Yesterday evening, at our friends' house: Mother and oldest daughter were out for the evening, the men were playing chess, I was curled up on the couch with the baby, the rest of the kids were downstairs in the basement, where there's a playroom, bathroom, laundry room, and sewing room.
Footsteps pounded on the stairs and Oscar emerged carrying an aerosol can.
OSCAR: Emergency!
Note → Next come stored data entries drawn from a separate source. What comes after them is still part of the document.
(* Let $P_{\mathrm{app}}=\sum_{i=0}^na_iX^i\in K[X]$ be monic of degree $n$, and let $0<d<n$ be such that $(d,\mathrm{val}(a_d))$ is an extremal point of $\mathrm{NP}(P_{\mathrm{app}})$, with $a_j\ne0$ for some $j<d$. Let $\varphi_P$ be a Newton function of degree $n-1$ which is nondegenerate for $P_{\mathrm{app}}$, in the following sense: - $\varphi_P\ge\mathrm{NF}(P_{\mathrm{app}})$ on $[0,n-1]$; - $\varphi_P(x)>y$ for every extremal point $(x,y)$ of $\mathrm{NP}(P_{\mathrm{app}})$ with $x\le n-1$. Let $\varphi$ be as defined in the context and set $$\delta=\min_{x\in[0,n-1]}\big(\varphi_P(x)-\varphi(x)\big).$$ Assume $\delta>0$. Let $\delta P\in K_{\le n-1}[X]$ satisfy $\mathrm{val}(c_i)\ge\varphi_P(i)$ for all $0\le i\le n-1$, where $c_i$ is the coefficient of $X^i$ in $\delta P$, and put $P=P_{\mathrm{app}}+\delta P$. Then $\mathrm{NF}(P)=\mathrm{NF}(P_{\mathrm{app}})$. Let $A^{(1)}$ (resp. $A^{(1)}_{\mathrm{app}}$) be the unique monic divisor of $P$ (resp. of $P_{\mathrm{app}}$) of degree $d$ whose Newton function is $\mathrm{NF}(P_{\mathrm{app}})|_{[0,d]}-\mathrm{NF}(P_{\mathrm{app}})(d)$. Then for every $0\le i\le d-1$, the coefficient of $X^i$ in $A^{(1)}-A^{(1)}_{\mathrm{app}}$ has valuation at least $\varphi(i)-\varphi(d)+\delta$.
   Context: $K$ is a complete discrete valuation field with valuation $\mathrm{val}:K\to\mathbb Z\cup\{+\infty\}$, normalized to be surjective. $K_{\le m}[X]$ denotes the polynomials of degree at most $m$. For $Q=\sum q_iX^i\in K[X]$ nonzero of degree $m$, $\mathrm{NF}(Q):[0,m]\to\mathbb R\cup\{+\infty\}$ is the greatest convex function with $\mathrm{NF}(Q)(i)\le\mathrm{val}(q_i)$ for all $0\le i\le m$. Its epigraph is the Newton polygon $\mathrm{NP}(Q)$, and an extremal point is a vertex of it. A Newton function of degree $m$ is a convex, piecewise affine function $[0,m]\to\mathbb R\cup\{+\infty\}$, finite at $m$, whose epigraph has extremal points with integral abscissae. Set $\lambda_0=\mathrm{NF}(P_{\mathrm{app}})(d)-\mathrm{NF}(P_{\mathrm{app}})(d-1)$. The function $\varphi:[0,+\infty)\to\mathbb R\cup\{+\infty\}$ is defined by $\varphi(x)=\mathrm{NF}(P_{\mathrm{app}})(x)$ for $x\le d$ and $\varphi(x)=\lambda_0(x-d)+\mathrm{NF}(P_{\mathrm{app}})(d)$ for $x>d$. Existence and uniqueness of the monic divisors in the statement: a polynomial whose Newton polygon has an extremal point at abscissa $d$ has a unique monic divisor of degree $d$ whose Newton function is the restriction of its own Newton function to $[0,d]$, shifted by a constant so that its value at $d$ is $0$. *)

From HB Require Import structures.
From mathcomp Require Import all_boot all_order all_algebra.
Set Implicit Arguments. Unset Strict Implicit. Unset Printing Implicit Defensive.
Import Order.TTheory GRing.Theory Num.Theory.
Local Open Scope ring_scope.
Look what I found.
ME: What is it?
CHRIS (Examining can): "Sewing Machine and Serger Cleaner." Thanks for bringing this up, Oscar.
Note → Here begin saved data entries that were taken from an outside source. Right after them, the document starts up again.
Definition phi (K : fieldType) (P : seq cell) (hs : seq (seq cell))
  (f : Sring K P) : {mpoly K[ntor P hs]} :=
  mmap (fun c : K => c%:MP) (@phi_var K P hs) f.

Definition toric_ideal (K : fieldType) (P : seq cell) (hs : seq (seq cell))
  (f : Sring K P) : Prop := phi hs f = 0.

Definition toric_deg2 (K : fieldType) (P : seq cell) (hs : seq (seq cell))
  (f : Sring K P) : Prop := toric_ideal hs f /\ f \is 2.-homog.

(* Both ideals are generated by binomials x_a x_b - x_c x_d: I_P by definition, and (J_P)_2
   because the kernel of a monomial map is spanned by the binomials it kills.  Such a binomial
   is killed by phi iff {H(a), H(b)} = {H(c), H(d)}, {V(a), V(b)} = {V(c), V(d)} and
   [a in F_k] + [b in F_k] = [c in F_k] + [d in F_k] for every hole.  Apart from the trivial
   case {a, b} = {c, d}, this says that a and b are opposite corners of a rectangle whose four
   sides lie on maximal edge intervals of P, with balanced hole counts: a "frame".  The
   rectangle of a frame contains no cell outside P, for such a cell would lie in a hole
   confined to the rectangle, whose lower left corner then unbalances the count.  So frames
   are exactly the inner intervals, and the binomials of (J_P)_2 are the inner 2-minors up to
   sign. *)

From HB Require Import structures.
From mathcomp Require Import all_boot all_order all_algebra.
From mathcomp Require Import mpoly.
From mathcomp Require Import zify.
From Stdlib Require Import ClassicalEpsilon.
Set Implicit Arguments.
Unset Strict Implicit.
Unset Printing Implicit Defensive.
Import GRing.Theory.

Section IdealGen.
Variables (n : nat) (K : fieldType).
Local Open Scope ring_scope.
Implicit Types (G : {mpoly K[n]} -> Prop) (f g : {mpoly K[n]}).

Lemma ideal_gen_seqP G f :
  ideal_gen G f <->
  exists s : seq ({mpoly K[n]} * {mpoly K[n]}),
    (forall x, x \in s -> G x.2) /\ f = \sum_(x <- s) x.1 * x.2.
Proof.
split=> [[m [c [g [Gg ->]]]] | [s [Gs ->]]].
  exists [seq (c t, g t) | t <- enum 'I_m]; split; last by rewrite big_map big_enum.
  by move=> x /mapP[t _ ->]; apply: Gg.
exists (size s), (fun t => (nth 0 s t).1), (fun t => (nth 0 s t).2); split.
  by move=> t; apply/Gs/mem_nth.
by rewrite (big_nth 0) big_mkord.
Qed.

Lemma ideal_gen0 G : ideal_gen G 0.
Proof. by apply/ideal_gen_seqP; exists [::]; rewrite big_nil. Qed.

Lemma ideal_gen_mem G g : G g -> ideal_gen G g.
Proof.
move=> Gg; apply/ideal_gen_seqP; exists [:: (1, g)].
by rewrite big_seq1 mul1r; split=> // x; rewrite inE => /eqP->.
Qed.

Lemma ideal_genD G f g : ideal_gen G f -> ideal_gen G g -> ideal_gen G (f + g).
Proof.
move=> /ideal_gen_seqP[s [Gs ->]] /ideal_gen_seqP[t [Gt ->]].
apply/ideal_gen_seqP; exists (s ++ t); rewrite big_cat; split=> // x.
by rewrite mem_cat => /orP[/Gs | /Gt].
Qed.

Lemma ideal_genMl G a f : ideal_gen G f -> ideal_gen G (a * f).
Proof.
move=> /ideal_gen_seqP[s [Gs ->]]; apply/ideal_gen_seqP.
exists [seq (a * x.1, x.2) | x <- s]; split; first by move=> _ /mapP[x /Gs Gx ->].
by rewrite big_map mulr_sumr; apply: eq_bigr => x _; rewrite mulrA.
Qed.

Lemma ideal_genN G f : ideal_gen G f -> ideal_gen G (- f).
Proof. by rewrite -mulN1r; apply: ideal_genMl. Qed.

Lemma ideal_gen_sum G (I : Type) (r : seq I) (P : pred I) (F : I -> {mpoly K[n]}) :
  (forall i, P i -> ideal_gen G (F i)) -> ideal_gen G (\sum_(i <- r | P i) F i).
Proof. by move=> GF; apply: big_ind => //; [apply: ideal_gen0 | apply: ideal_genD]. Qed.

Lemma ideal_gen_sub G G' f :
  (forall g, G g -> ideal_gen G' g) -> ideal_gen G f -> ideal_gen G' f.
Proof.
move=> GG' [m [c [g [Gg ->]]]].
by apply: ideal_gen_sum => t _; apply/ideal_genMl/GG'.
Qed.

End IdealGen.

Section MonomialMapKernel.
Variables (K : fieldType) (n N : nat) (e : 'I_n -> 'X_{1..N}).
Local Open Scope ring_scope.

Definition monomial_image (m : 'X_{1..n}) : 'X_{1..N} := (\sum_i e i *+ m i)%MM.

Local Notation phi0 := (mmap (fun c : K => c%:MP) (fun i => 'X_[e i])).

Lemma mmap1_monomial m :
  mmap1 (fun i => 'X_[e i] : {mpoly K[N]}) m = 'X_[monomial_image m].
Proof. exact: mprodXnE. Qed.

Lemma mcoeff_mmap_monomial (f : {mpoly K[n]}) t :
  (phi0 f)@_t = \sum_(m <- msupp f | monomial_image m == t) f@_m.
Proof.
rewrite /mmap (raddf_sum (mcoeff t)) [RHS]big_mkcond /=; apply: eq_bigr => m _.
by rewrite mmap1_monomial mcoeffCM mcoeffX; case: eqP; rewrite ?mulr1 ?mulr0.
Qed.

Lemma monomial_imageD m1 m2 :
  monomial_image (m1 + m2) = (monomial_image m1 + monomial_image m2)%MM.
Proof.
rewrite /monomial_image -big_split /=; apply: eq_bigr => i _.
by apply/mnmP => t; rewrite !(mnmDE, mulmnE) mulnDr.
Qed.

Lemma monomial_imageU i : monomial_image U_(i) = e i.
Proof.
apply/mnmP => t; rewrite mnm_sumE (bigD1 i) //= mulmnE mnm1E eqxx muln1.
by rewrite big1 ?addn0 // => j ne_ji; rewrite mulmnE mnm1E eq_sym (negbTE ne_ji) muln0.
Qed.

Lemma mmap_monomialX m : phi0 'X_[m] = 'X_[monomial_image m].
Proof. by rewrite mmapX mmap1_monomial. Qed.

Variables (G : {mpoly K[n]} -> Prop) (D : 'X_{1..n} -> Prop).
Hypothesis binomial_mem : forall m m', D m -> D m' ->
  monomial_image m = monomial_image m' -> ideal_gen G ('X_[m] - 'X_[m']).

Lemma monomial_map_kernel (f : {mpoly K[n]}) :
  {in msupp f, forall m, D m} -> phi0 f = 0 -> ideal_gen G f.
Proof.
move=> Df phif0; set s := msupp f.
(* [r m] is the first monomial of [f] in the fibre of [m]; as the coefficients of [f] sum to
   zero on each fibre, [f] is a combination of the binomials [X^m - X^(r m)]. *)
pose r m := nth 0%MM s (find (fun m' => monomial_image m' == monomial_image m) s).
have r_fibre m : m \in s -> r m \in s /\ monomial_image (r m) = monomial_image m.
  move=> ms; have hasm : has (fun m' => monomial_image m' == monomial_image m) s.
    by apply/hasP; exists m.
  by split; [apply/mem_nth; rewrite -has_find | apply/eqP/(nth_find 0%MM hasm)].
have -> : f = \sum_(m <- s) f@_m *: ('X_[m] - 'X_[r m]) + \sum_(m <- s) f@_m *: 'X_[r m].
  by rewrite -big_split /= {1}[f]mpolyE; apply: eq_bigr => m _; rewrite -scalerDr subrK.
have -> : \sum_(m <- s) f@_m *: 'X_[r m] = 0.
  apply/mpolyP => u; rewrite mcoeff0 raddf_sum /=.
  under eq_bigr do rewrite mcoeffZ mcoeffX.
  have [/hasP[m0 m0s /eqP <-] | /hasPn no_u] := boolP (has (fun m => r m == u) s); last first.
    by rewrite big1_seq // => m /andP[_ /no_u /negbTE ->]; rewrite mulr0.
  transitivity (phi0 f)@_(monomial_image m0); last by rewrite phif0 mcoeff0.
  rewrite mcoeff_mmap_monomial [RHS]big_mkcond /= !big_seq; apply: eq_bigr => m ms.
  suff -> : (r m == r m0) = (monomial_image m == monomial_image m0).
    by case: eqP; rewrite ?mulr1 ?mulr0.
  apply/eqP/eqP => [rm | Em]; last by rewrite /r Em.
  by rewrite -(r_fibre m ms).2 rm (r_fibre m0 m0s).2.
rewrite addr0 big_seq; apply: ideal_gen_sum => m ms; rewrite -mul_mpolyC.
have [rm_s rm_fibre] := r_fibre m ms.
by apply/ideal_genMl/binomial_mem; rewrite ?rm_fibre //; apply: Df.
Qed.

End MonomialMapKernel.

Lemma mdeg_eq2 n (m : 'X_{1..n}) : mdeg m = 2 -> exists i j, m = (U_(i) + U_(j))%MM.
Proof.
move=> deg_m; have /existsP[i m_i] : [exists i, m i != 0].
  rewrite -negb_forall; apply/negP => /forallP m0.
  by move: deg_m; rewrite mdegE big1 // => i _; apply/eqP.
have le_Um : (U_(i) <= m)%MM by apply/mnm_lepP => j; rewrite mnm1E; case: eqP => // <-; lia.
have /mdeg1P[j /eqP mUj] : mdeg (m - U_(i))%MM == 1.
  by move: deg_m; rewrite -{1}(submK le_Um) mdegD mdeg1; lia.
by exists j, i; rewrite -mUj submK.
Qed.

Lemma perm_eq_pair (T : eqType) (a b c d : T) :
  perm_eq [:: a; b] [:: c; d] -> (a = c /\ b = d) \/ (a = d /\ b = c).
Proof.
move=> pe; have := perm_mem pe c; rewrite !inE eqxx /= => /orP[] /eqP ec; subst c.
  by move: pe; rewrite perm_cons => /(@perm_small_eq _ _ [:: d] isT)[->]; left.
move: pe; rewrite (perm_catC [:: a] [:: b]) /=.
by rewrite perm_cons => /(@perm_small_eq _ _ [:: d] isT)[->]; right.
Qed.

Lemma lexle_refl : reflexive lexle.
Proof. by move=> a; rewrite /lexle eqxx leqnn orbT. Qed.

Lemma lexle_trans : transitive lexle.
Proof. by move=> [b1 b2] [a1 a2] [c1 c2]; rewrite /lexle /=; lia. Qed.

Lemma lexle_total a b : lexle a b || lexle b a.
Proof. by case: a b => [a1 a2] [b1 b2]; rewrite /lexle /=; lia. Qed.

Lemma lexle_anti a b : lexle a b -> lexle b a -> a = b.
Proof. by case: a b => [a1 a2] [b1 b2]; rewrite /lexle /= => h1 h2; congr pair; lia. Qed.

Lemma foldr_lexmin_min x0 s :
  foldr lexmin x0 s \in x0 :: s /\ {in x0 :: s, forall v, lexle (foldr lexmin x0 s) v}.
Proof.
elim: s => [|y t [IHmem IHmin]] /=.
  by split=> [|v]; rewrite inE // => /eqP->; apply: lexle_refl.
set m := foldr lexmin x0 t in IHmem IHmin *.
have in_y v : v \in [:: x0, y & t] = (v == y) || (v \in x0 :: t) by rewrite !inE orbCA.
rewrite /lexmin; case: ifP => [le_y | /negbT lt_y]; split.
- by rewrite in_y eqxx.
- move=> v; rewrite in_y => /orP[/eqP-> | /IHmin]; [exact: lexle_refl | exact: lexle_trans].
- by rewrite in_y IHmem orbT.
- have le_m : lexle m y by move: (lexle_total y m); rewrite (negbTE lt_y).
  by move=> v; rewrite in_y => /orP[/eqP-> | /IHmin].
Qed.

Lemma cell_vertices_lexle c v : v \in cell_vertices c -> lexle c v.
Proof. by case: c => c1 c2; rewrite !inE => /or4P[] /eqP->; rewrite /lexle /=; lia. Qed.

Lemma lower_left_mem H : H != [::] -> lower_left H \in H.
Proof.
case: H => [|c0 H] // _; rewrite /lower_left; set vs := verts _.
have c0_vs : c0 \in vs by rewrite mem_head.
have [] := foldr_lexmin_min c0 vs; set m := foldr _ _ _ => m_in m_min.
have /flatten_mapP[c cH m_c] : m \in vs by move: m_in; rewrite inE => /orP[/eqP-> | ].
suff -> : m = c by [].
apply: lexle_anti (cell_vertices_lexle m_c); apply: m_min; rewrite inE; apply/orP; right.
by apply/flatten_mapP; exists c => //; rewrite mem_head.
Qed.

Lemma adjcellC : ssrbool.symmetric adjcell.
Proof. by move=> [c1 c2] [d1 d2]; rewrite /adjcell /=; lia. Qed.

Lemma cells_connected_from (C : seq cell) c0 :
  (forall d, d \in C -> exists p, [/\ path adjcell c0 p, last c0 p = d & all (mem C) p]) ->
  c0 \in C -> cells_connected C.
Proof.
move=> from_c0 c0C c d /from_c0[p [c0p <- pC]] /from_c0[q [c0q <- qC]].
have rev_p : path adjcell (last c0 p) (rev (belast c0 p)).
  by rewrite rev_path; apply: sub_path c0p => x y; rewrite adjcellC.
have last_rev : last (last c0 p) (rev (belast c0 p)) = c0.
  by case/lastP: p {c0p pC rev_p} => // p x; rewrite belast_rcons last_rcons rev_cons last_rcons.
exists (rev (belast c0 p) ++ q); split.
- by rewrite cat_path rev_p last_rev c0q.
- by rewrite last_cat last_rev.
- rewrite all_cat qC andbT all_rev; apply/allP => x /mem_belast.
  by rewrite inE => /orP[/eqP-> | /(allP pC)].
Qed.

Fixpoint seg_start (e : pred nat) (i : nat) : nat :=
  if i is i'.+1 then (if e i' then seg_start e i' else i) else 0.

Lemma seg_start_le e i : seg_start e i <= i.
Proof. by elim: i => //= i IH; case: ifP => // _; apply: leqW. Qed.

Lemma seg_start_gt e i t : t < i -> ~~ e t -> t < seg_start e i.
Proof.
elim: i => // i IH; rewrite ltnS leq_eqVlt => /orP[/eqP-> /negbTE /= -> // | lt_ti] nt /=.
by case: ifP => _; [apply: IH | apply: ltnW].
Qed.

Lemma seg_start_eq e a b : a <= b ->
  seg_start e a = seg_start e b <-> (forall t, a <= t < b -> e t).
Proof.
move=> le_ab; split=> [eq_ab t /andP[le_at lt_tb] | e_ab].
  apply/negPn/negP => /(seg_start_gt lt_tb); rewrite -eq_ab.
  by move: (seg_start_le e a); lia.
elim: b le_ab e_ab => [|b IH]; first by rewrite leqn0 => /eqP->.
rewrite leq_eqVlt => /orP[/eqP-> // | lt_ab] e_ab /=.
by rewrite e_ab ?IH // => [t /andP[a_t t_b]|]; [apply: e_ab; lia | lia].
Qed.

Lemma hleft_eq P x y x' y' : x <= x' ->
  hleft P (x, y) = hleft P (x', y') <-> y = y' /\ (forall t, x <= t < x' -> hedge P t y).
Proof.
have hleft_xE j : hleft_x P j =1 seg_start (hedge P ^~ j) by move=> i; elim: i => //= i ->.
move=> le_x; rewrite /hleft /= !hleft_xE.
split=> [[eq_x eq_y] | [<- /(seg_start_eq _ le_x) ->]] //.
by move: eq_x; rewrite eq_y (seg_start_eq _ le_x).
Qed.

Lemma vbot_eq P x y x' y' : y <= y' ->
  vbot P (x, y) = vbot P (x', y') <-> x = x' /\ (forall t, y <= t < y' -> vedge P x t).
Proof.
have vbot_yE i : vbot_y P i =1 seg_start (vedge P i) by move=> t; elim: t => //= t ->.
move=> le_y; rewrite /vbot /= !vbot_yE.
split=> [[eq_x eq_y] | [<- /(seg_start_eq _ le_y) ->]] //.
by move: eq_y; rewrite eq_x (seg_start_eq _ le_y).
Qed.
ME (suspicious): Oscar, did anyone spray that stuff?
OSCAR: Yes!
ME: Who sprayed it?
OSCAR: Milo did!
ME: Where did he spray it?
OSCAR: On something made of metal!
ME: On what made of metal?
CHRIS (interrupting) Oscar, just take me downstairs and show me what happened.
Chris came back a few minutes later and proclaimed the situation taken care of. I never did find out what Milo had sprayed it on.
This happens a lot lately with Oscar: he'll come up the stairs shouting, "Dad! Dad! Something happened!" or "Mom! Come quick! Milo's doing something dangerous!" and then we will either have to run downstairs immediately to see for ourselves what has transpired (often, something along the lines of a collapsed tower of Legos), or we have to interrogate him for several minutes to determine what is actually going on.
I keep trying to explain the concept of "be specific" but it doesn't seem to be going anywhere. I don't want to spend precious seconds extracting from him the information that, say, Milo is peeling clementines with the boning knife, but on the other hand, I'm nursing the baby here.